2. Materials and Methods

2.1. Materials

Bovine serum albumin (BSA, >99%) and HAuCl₄·3H₂O (99.99%) were purchased from Sigma-Aldrich (Sigma-Aldrich, St. Louis, MO, USA) and used as received. The pH of the solutions was adjusted with HCl (Sigma-Aldrich, St. Louis, MO, USA) and NaOH (Sigma-Aldrich, St. Louis, MO, USA). All solutions were prepared in ultra-pure Milli-Q water (total organic content ≤ 4 ppb; resistivity ≥ 18 MΩcm) and heavy water (deuterium oxid for NMR, 99.8% D) purchased from Acros Organics (Morris Plains, NJ, USA).

2.2. Sample Preparation

A total of 1.67 w% BSA–Au(III) stock solutions in normal and heavy water were prepared by mixing 2.5 w% BSA solutions with 10 mM HAuCl₄ solutions in 2:1 volume ratio (corresponding with 13:1 ion–protein molar ratio) at moderate stirring rate (600 rpm). After mixing, the pH of the stock solutions was set to 12 (pD to ≈11.6) by dilute NaOH solutions (1 M, both in normal and heavy water) under stirring. After storage at room temperature for two days, the BSA−Au(III) systems were heat-treated at 37 °C for 2 h, then neutralized and stored at room temperature. The beginning and transitional states at pH = 12 (pD ≈ 11.6) and neutral pH (pD) were measured with fluorescence, infrared spectroscopy, and DLS methods. The same preparation protocol was used for the X-ray and neutron scattering methods.

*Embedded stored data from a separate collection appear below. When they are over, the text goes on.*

(* Let $A_S$ be an Artin group associated to a Coxeter matrix over a finite set $S$. Then $A_S$ is parabolic-retractable if and only if, for every $X\subseteq S$ and every $x\in X$, the subgroup $A_X$ admits a retraction onto $A_{X\setminus\{x\}}$.
   Context: A Coxeter matrix over a finite set $S$ is a matrix $M=(m_{s,t})_{s,t\in S}$ with entries in $\mathbb{N}\cup\{\infty\}$, $m_{s,s}=1$, and $m_{s,t}=m_{t,s}\ge 2$ for $s\neq t$. Write $\Pi(s,t,m)$ for the alternating word $sts\cdots$ of length $m$. The Artin group is $A_S=\langle S\mid \Pi(s,t,m_{s,t})=\Pi(t,s,m_{s,t})$ for $s\neq t$, $m_{s,t}\neq\infty\rangle$. For $X\subseteq S$, $A_X$ is the subgroup generated by $X$ ($A_\emptyset$ is trivial). A retraction of $G$ onto a subgroup $H$ is a homomorphism $\varphi:G\to H$ with $\varphi|_H=\mathrm{id}_H$. $A_S$ is parabolic-retractable if it admits a retraction onto $A_X$ for every $X\subseteq S$. *)

(* Artin groups are encoded by words over signed generators
   modulo the congruence generated by free cancellation and the Artin relations. *)
From mathcomp Require Import all_boot.
Set Implicit Arguments. Unset Strict Implicit. Unset Printing Implicit Defensive.

Section Artin.
Variable S : finType.

(* Coxeter matrix: entries in nat ∪ {∞}; None encodes ∞. *)
Definition coxeter_matrix (M : S -> S -> option nat) : Prop :=
  (forall s, M s s = Some 1) /\
  (forall s t, M s t = M t s) /\
  (forall s t, s != t -> forall m, M s t = Some m -> 2 <= m).

(* A letter (s, b): s if b = false, s^-1 if b = true. *)
Definition letter := (S * bool)%type.
Definition word := seq letter.
Definition inv_letter (a : letter) : letter := (a.1, ~~ a.2).

Definition Pi (s t : S) (m : nat) : word :=
  mkseq (fun i => (if odd i then t else s, false)) m.

Variable M : S -> S -> option nat.

Inductive art_eq : word -> word -> Prop :=
  | art_refl w : art_eq w w
  | art_sym u v : art_eq u v -> art_eq v u
  | art_trans u v w : art_eq u v -> art_eq v w -> art_eq u w
  | art_cancel u v a : art_eq (u ++ [:: a; inv_letter a] ++ v) (u ++ v)
  | art_rel u v s t m : s != t -> M s t = Some m ->
      art_eq (u ++ Pi s t m ++ v) (u ++ Pi t s m ++ v).

Definition in_parabolic (X : {set S}) (w : word) : Prop :=
  exists w', art_eq w w' /\ all (fun a : letter => a.1 \in X) w'.

(* A retraction of A_X onto A_Y: a group homomorphism A_X -> A_Y which is the
   identity on A_Y, represented by a function on representative words. *)
Definition retraction (X Y : {set S}) : Prop :=
  exists f : word -> word,
    [/\ (forall w1 w2, in_parabolic X w1 -> in_parabolic X w2 ->
           art_eq w1 w2 -> art_eq (f w1) (f w2)),
        (forall w1 w2, in_parabolic X w1 -> in_parabolic X w2 ->
           art_eq (f (w1 ++ w2)) (f w1 ++ f w2)),
        (forall w, in_parabolic X w -> in_parabolic Y (f w)) &
        (forall w, in_parabolic Y w -> art_eq (f w) w)].

Definition parabolic_retractable : Prop :=
  forall X : {set S}, retraction [set: S] X.

End Artin.

(* Retractions between parabolic subgroups compose, and a retraction of A_Z
   onto A_Y restricts to one of A_Z' onto A_Y whenever Y ⊆ Z' ⊆ Z.  Hence a
   retraction A_S -> A_(X \ x) restricts to A_X -> A_(X \ x); conversely,
   removing the generators of S \ X one at a time and composing the one-step
   retractions yields a retraction A_S -> A_X. *)
From mathcomp Require Import all_boot.

Set Implicit Arguments. Unset Strict Implicit. Unset Printing Implicit Defensive.

Section ParabolicRetractions.
Variable S : finType.
Variable M : S -> S -> option nat.

Lemma art_eq_ctx (p q u u' : word S) :
  art_eq M u u' -> art_eq M (p ++ u ++ q) (p ++ u' ++ q).
Proof.
elim=> {u u'} [w | u v _ IH | u v w _ IH1 _ IH2 | u v a | u v s t m st Mst].
- exact: art_refl.
- exact: art_sym.
- exact: art_trans IH1 IH2.
- rewrite !catA -(catA _ v) -!(catA (p ++ u)).
  exact: art_cancel.
- rewrite !catA -!(catA (p ++ u)) -!(catA _ v).
  exact: art_rel.
Qed.

Lemma art_eq_cat (u u' v v' : word S) :
  art_eq M u u' -> art_eq M v v' -> art_eq M (u ++ v) (u' ++ v').
Proof.
move=> uu' vv'; apply: (art_trans (v := u' ++ v)).
  exact: (art_eq_ctx [::] v uu').
by have := art_eq_ctx u' [::] vv'; rewrite !cats0.
Qed.

Lemma in_parabolic_cat (X : {set S}) (w1 w2 : word S) :
  in_parabolic M X w1 -> in_parabolic M X w2 -> in_parabolic M X (w1 ++ w2).
Proof.
case=> [v1 [w1v1 Xv1]] [v2 [w2v2 Xv2]]; exists (v1 ++ v2).
by split; [exact: art_eq_cat | rewrite all_cat Xv1 Xv2].
Qed.

Lemma in_parabolicS (X Y : {set S}) (w : word S) :
  X \subset Y -> in_parabolic M X w -> in_parabolic M Y w.
Proof.
move=> sXY [v [wv Xv]]; exists v; split=> //.
by apply/allP => a /(allP Xv) /(subsetP sXY).
Qed.

Lemma retraction_refl (Z : {set S}) : retraction M Z Z.
Proof. by exists id; split=> // *; exact: art_refl. Qed.

Lemma retraction_trans (Z Z' Y : {set S}) :
  Y \subset Z' -> Z' \subset Z ->
  retraction M Z Z' -> retraction M Z' Y -> retraction M Z Y.
Proof.
move=> sYZ' sZ'Z [f [f_eq f_cat f_in f_id]] [g [g_eq g_cat g_in g_id]].
exists (g \o f); split=> /=.
- by move=> w1 w2 Zw1 Zw2 w12; apply: g_eq; auto.
- move=> w1 w2 Zw1 Zw2; apply: (art_trans (v := g (f w1 ++ f w2))).
    by apply: g_eq; [apply/f_in/in_parabolic_cat | apply: in_parabolic_cat | ]; auto.
  by apply: g_cat; auto.
- by move=> w Zw; auto.
- move=> w Yw; have Z'w := in_parabolicS sYZ' Yw.
  apply: (art_trans (v := g w)); last exact: g_id.
  by apply: g_eq; [apply/f_in/(in_parabolicS sZ'Z) | | apply: f_id].
Qed.

Lemma retraction_restrict (Z Z' Y : {set S}) :
  Z' \subset Z -> retraction M Z Y -> retraction M Z' Y.
Proof.
move=> sZ'Z [f [f_eq f_cat f_in f_id]].
have Z'_Z w : in_parabolic M Z' w -> in_parabolic M Z w by exact: in_parabolicS.
by exists f; split=> [w1 w2 ? ? | w1 w2 ? ? | w ? | //]; auto.
Qed.

Hypothesis retraction_step :
  forall (X : {set S}) (x : S), x \in X -> retraction M X (X :\ x).

Lemma retraction_of_steps (Y Z : {set S}) : Y \subset Z -> retraction M Z Y.
Proof.
move: {2}#|Z :\: Y| (erefl #|Z :\: Y|) => n.
elim: n Z => [|n IH] Z cardZY sYZ.
  suff -> : Z = Y by exact: retraction_refl.
  by apply/eqP; rewrite eqEsubset sYZ andbT -setD_eq0 -cards_eq0 cardZY.
have [x xZY] : exists x, x \in Z :\: Y by apply/card_gt0P; rewrite cardZY.
have [xZ xY] := setDP xZY.
have sYZx : Y \subset Z :\ x by rewrite subsetD1 sYZ xY.
apply: (retraction_trans sYZx (subsetDl _ _) (retraction_step xZ)).
apply: IH sYZx; apply/eqP; rewrite -eqSS -cardZY (cardsD1 x (Z :\: Y)) xZY.
by rewrite setDDl setUC -setDDl.
Qed.

End ParabolicRetractions.

Theorem lemma3p1 (S : finType) (M : S -> S -> option nat) :
  coxeter_matrix M ->
  (parabolic_retractable M <->
   forall (X : {set S}) (x : S), x \in X -> retraction M X (X :\ x)).
Proof.
move=> _; split=> [retractable X x xX | steps X].
- exact: retraction_restrict (subsetT X) (retractable (X :\ x)).
- exact: (retraction_of_steps steps (subsetT X)).
Qed.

2.3. Fluorescence Spectroscopy

The luminescence of the BSA–Au conjugates was measured using a Jasco FP8500 spectrofluorometer (Jasco International Co., Ltd., Tokyo, Japan) at 25 °C in MQ water and 360 ± 5 nm excitation in the 380–750 nm range. The spectral correction function was assessed by the Maroncelly dye setup [15]. The luminescence quantum yields were determined relative to the 0.546 value of quinine sulfate in 1N sulfuric acid [16]. It must be noted that considering the low sensitivity of the fluorometer in the red region, the red band’s maxima, and the corresponding fluorescence yields, may be slightly underestimated. The air-saturated samples were measured in a 3 mm × 3 mm × 40 mm quartz cuvette with an optical density at the excitation wavelength around 1.4.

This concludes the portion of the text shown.